Prove that $\gcd(F_{3K},L_{3k}) \equiv 2$

Question

Following this definition $L_K = F_{K-1} + F_{K+1}$

We have that $\gcd(F_{3K},L_{3k}) = \gcd(F_{3k}, F_{3k+1} + F_{3k-1}) =\gcd(F_{3k}, 2F_{3k-1})$

I don't know where to go from here.

How do I prove that $\gcd(F_{3k}, 2F_{3k-1})\equiv 2$

Answer 1

First, let us prove by induction that $F_{3k}$ is even.
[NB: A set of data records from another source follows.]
(* For every $n\in\mathbb{N}$ there exists a strongly $n$-connected $2n$-regular oriented graph on $16n+1$ vertices with no Hamilton cycle.
   Context: An oriented graph has at most one edge between any two vertices; $d$-regular means every vertex has in- and outdegree exactly $d$. Strongly $n$-connected means that the digraph has more than $n$ vertices and remains strongly connected after deleting any set of fewer than $n$ vertices. A Hamilton cycle is a directed cycle through all vertices. *)

From mathcomp Require Import all_boot.
Set Implicit Arguments. Unset Strict Implicit. Unset Printing Implicit Defensive.

Definition oriented (T : finType) (e : rel T) : Prop :=
  (forall x, ~~ e x x) /\ (forall x y, e x y -> ~~ e y x).

Definition outdeg (T : finType) (e : rel T) (x : T) : nat := #|[set y | e x y]|.
Definition indeg (T : finType) (e : rel T) (x : T) : nat := #|[set y | e y x]|.

Definition regular (T : finType) (e : rel T) (d : nat) : Prop :=
  forall x, outdeg e x = d /\ indeg e x = d.

Definition delete_rel (T : finType) (e : rel T) (S : {set T}) : rel T :=
  [rel x y | [&& e x y, x \notin S & y \notin S]].

Definition strongly_connected_minus (T : finType) (e : rel T) (S : {set T}) : Prop :=
  forall x y, x \notin S -> y \notin S -> connect (delete_rel e S) x y.

Definition strongly_k_connected (T : finType) (e : rel T) (n : nat) : Prop :=
  n < #|T| /\ forall S : {set T}, #|S| < n -> strongly_connected_minus e S.

Definition hamiltonian (T : finType) (e : rel T) : Prop :=
  exists c : seq T, [/\ uniq c, forall x, x \in c & cycle e c].

From mathcomp Require Import all_boot zify.
Set Implicit Arguments. Unset Strict Implicit. Unset Printing Implicit Defensive.

(* The graph has a hub A = A_0 + A_1 of 4n vertices, sets B_0, B_1 of 2n - 1
   vertices with all arcs A_s -> B_s -> A_(1-s), an apex with all arcs
   A_0 -> apex -> A_1, and two near-regular circulants on Z_(4n+1), each joined
   to the hub by n entry and n exit arcs.  Every arc touches the hub except the
   arcs inside a circulant, so a Hamilton cycle must enter each vertex of B, the
   apex and both circulants from distinct hub vertices: 4n + 1 > 4n.  Deleting
   fewer than n vertices spares one vertex in every family of n alternative
   routes, which connects every vertex to and from the hub. *)

Lemma card_set_sum (T1 T2 : finType) (P : pred (T1 + T2)) :
  #|[set x | P x]| = #|[set x | P (inl x)]| + #|[set x | P (inr x)]|.
Proof.
rewrite -!sum1_card (big_sumType _ (fun x => x \in [set x | P x])).
by congr (_ + _); apply: eq_bigl => x; rewrite !inE.
Qed.

Lemma card_set_pair_bool (T : finType) (P : pred (bool * T)) :
  #|[set x | P x]| = #|[set x | P (true, x)]| + #|[set x | P (false, x)]|.
Proof.
rewrite -!sum1_card (eq_bigl (fun p => xpredT p.1 && P (p.1, p.2))); last first.
  by case=> b x; rewrite inE.
rewrite -(pair_big_dep xpredT (fun b x => P (b, x)) (fun _ _ => 1)) big_bool /=.
by congr (_ + _); apply: eq_bigl => x; rewrite !inE.
Qed.

Lemma card_set_unit (P : pred unit) : #|[set x | P x]| = P tt.
Proof.
rewrite -sum1_card big_mkcond (big_pred1 tt) ?inE; [by case: (P tt) | by case].
Qed.

Lemma card_ord_eq_val_add k c d : #|[set j : 'I_k | c == j + d]| = (d <= c < k + d).
Proof.
case: (boolP (d <= c < k + d)) => [/andP[dc ck] | out] /=.
  have cdk : c - d < k by lia.
  rewrite -(cards1 (Ordinal cdk)).
  by apply: eq_card => j; rewrite !inE -val_eqE /=; apply/eqP/eqP; lia.
apply/eqP; rewrite cards_eq0; apply/eqP/setP => j; rewrite !inE.
by apply/negbTE; apply: contra out => /eqP->; have := ltn_ord j; lia.
Qed.

Lemma card_ord_eq_val k (c : nat) : #|[set j : 'I_k | c == j]| = (c < k).
Proof.
have := card_ord_eq_val_add k c 0; rewrite addn0 => <-.
by apply: eq_card => j; rewrite !inE addn0.
Qed.

Lemma card_ord_val_eq k (c : nat) : #|[set j : 'I_k | val j == c]| = (c < k).
Proof. by rewrite -card_ord_eq_val; apply: eq_card => j; rewrite !inE eq_sym. Qed.

Lemma card_ord_interval m k : k < m -> #|[set j : 'I_m | 0 < j <= k]| = k.
Proof.
move=> km; pose f (j : 'I_k) : 'I_m := Ordinal (leq_ltn_trans (ltn_ord j) km).
rewrite -[RHS]card_ord -(card_imset _ (_ : injective f)); last first.
  by move=> i j /(congr1 val) /= [] /val_inj.
apply: eq_card => j; rewrite inE; apply/idP/imsetP => [jk | [i _ ->]] /=.
  have j1k : j.-1 < k by lia.
  by exists (Ordinal j1k) => //; apply: val_inj => /=; lia.
exact: ltn_ord.
Qed.

Section Pigeonhole.
Variables (T : finType) (S : {set T}).

Lemma exists_notin (I : finType) (f : I -> T) :
  injective f -> #|S| < #|I| -> exists i, f i \notin S.
Proof.
move=> f_inj SI; apply/existsP; apply: contraLR SI.
rewrite negb_exists -leqNgt => /forallP fS; rewrite -cardsT -(card_imset _ f_inj).
by apply/subset_leq_card/subsetP => _ /imsetP[i _ ->]; rewrite -[_ \in _]negbK fS.
Qed.

Lemma exists_notin2 (I : finType) (f g : I -> T) :
  injective f -> injective g -> (forall i j, f i != g j) -> #|S| < #|I| ->
  exists i, (f i \notin S) && (g i \notin S).
Proof.
move=> f_inj g_inj fg SI; apply/existsP; apply: contraLR SI.
rewrite negb_exists -leqNgt => /forallP fgS.
pose h i := if f i \in S then f i else g i.
have h_inj : injective h.
  move=> i j; rewrite /h; case: (f i \in S); case: (f j \in S) => hij.
  - exact: f_inj.
  - by have := fg i j; rewrite hij eqxx.
  - by have := fg j i; rewrite hij eqxx.
  - exact: g_inj.
rewrite -cardsT -(card_imset _ h_inj); apply/subset_leq_card/subsetP => _ /imsetP[i _ ->].
by rewrite /h; case: ifP => // fiS; move: (fgS i); rewrite fiS negbK.
Qed.

End Pigeonhole.

Lemma connect1_delete (T : finType) (e : rel T) (S : {set T}) x y :
  e x y -> x \notin S -> y \notin S -> connect (delete_rel e S) x y.
Proof. by move=> exy xS yS; apply/connect1/and3P. Qed.

Section CircularDistance.
Variable m : nat.
Implicit Types x y z : 'I_m.

Definition cdist x y : nat := if x <= y then y - x else y + m - x.

Lemma cdist_lt x y : cdist x y < m.
Proof. by rewrite /cdist; have := ltn_ord x; have := ltn_ord y; case: (leqP x y); lia. Qed.

Lemma cdist_eq0 x y : (cdist x y == 0) = (x == y).
Proof.
rewrite -val_eqE /= /cdist; have := ltn_ord x; have := ltn_ord y.
by case: (leqP x y) => *; apply/eqP/eqP; lia.
Qed.

Lemma cdist_add x y : x != y -> cdist x y + cdist y x = m.
Proof.
rewrite -val_eqE /= /cdist => /eqP xy; have := ltn_ord x; have := ltn_ord y.
by case: (leqP x y); case: (leqP y x) => *; lia.
Qed.

Lemma cdist_sub x y z : cdist x z <= cdist x y -> cdist z y = cdist x y - cdist x z.
Proof.
rewrite /cdist; have := ltn_ord x; have := ltn_ord y; have := ltn_ord z.
by case: (leqP x y); case: (leqP x z); case: (leqP z y) => *; lia.
Qed.

Definition cdist_ord x y : 'I_m := Ordinal (cdist_lt x y).

Lemma cdist_ord_inj x : injective (cdist_ord x).
Proof.
move=> y z /(congr1 val); rewrite /= /cdist => yz; apply: val_inj => /=.
move: yz (ltn_ord x) (ltn_ord y) (ltn_ord z).
by case: (leqP x y); case: (leqP x z) => *; lia.
Qed.

Lemma cdist_ord_inj_l y : injective (cdist_ord ^~ y).
Proof.
move=> x z /(congr1 val); rewrite /= /cdist => xz; apply: val_inj => /=.
move: xz (ltn_ord x) (ltn_ord y) (ltn_ord z).
by case: (leqP x y); case: (leqP z y) => *; lia.
Qed.

Lemma card_cdist (P : pred nat) x : #|[set y | P (cdist x y)]| = #|[set j : 'I_m | P j]|.
Proof.
rewrite -(card_preimset [set j : 'I_m | P j] (@cdist_ord_inj x)).
by apply: eq_card => y; rewrite !inE.
Qed.

Lemma card_cdist_l (P : pred nat) y : #|[set x | P (cdist x y)]| = #|[set j : 'I_m | P j]|.
Proof.
rewrite -(card_preimset [set j : 'I_m | P j] (@cdist_ord_inj_l y)).
by apply: eq_card => x; rewrite !inE.
Qed.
We have $F_1=F_2=1,F_3=2$. Suppose that $F_{3k-2}\equiv F_{3k-1}\equiv 1,F_{3k}\equiv 0\pmod 2$. Then, $$F_{3k+1}\equiv 1+0\equiv 1,\quad F_{3k+2}\equiv 0+1\equiv 1,\quad F_{3k+3}\equiv 1+1\equiv 0\pmod 2$$

Therefore, we have that $F_{3k}$ is even.

Second, we have that $\gcd(F_n,F_{n+1})=1$. See, for example, Fibonacci Numbers $F_n$ and $F_{n + 1}$ are relatively prime for all $n \geq 0$..

It follows from these that $\gcd(F_{3k},2F_{3k-1})=2$.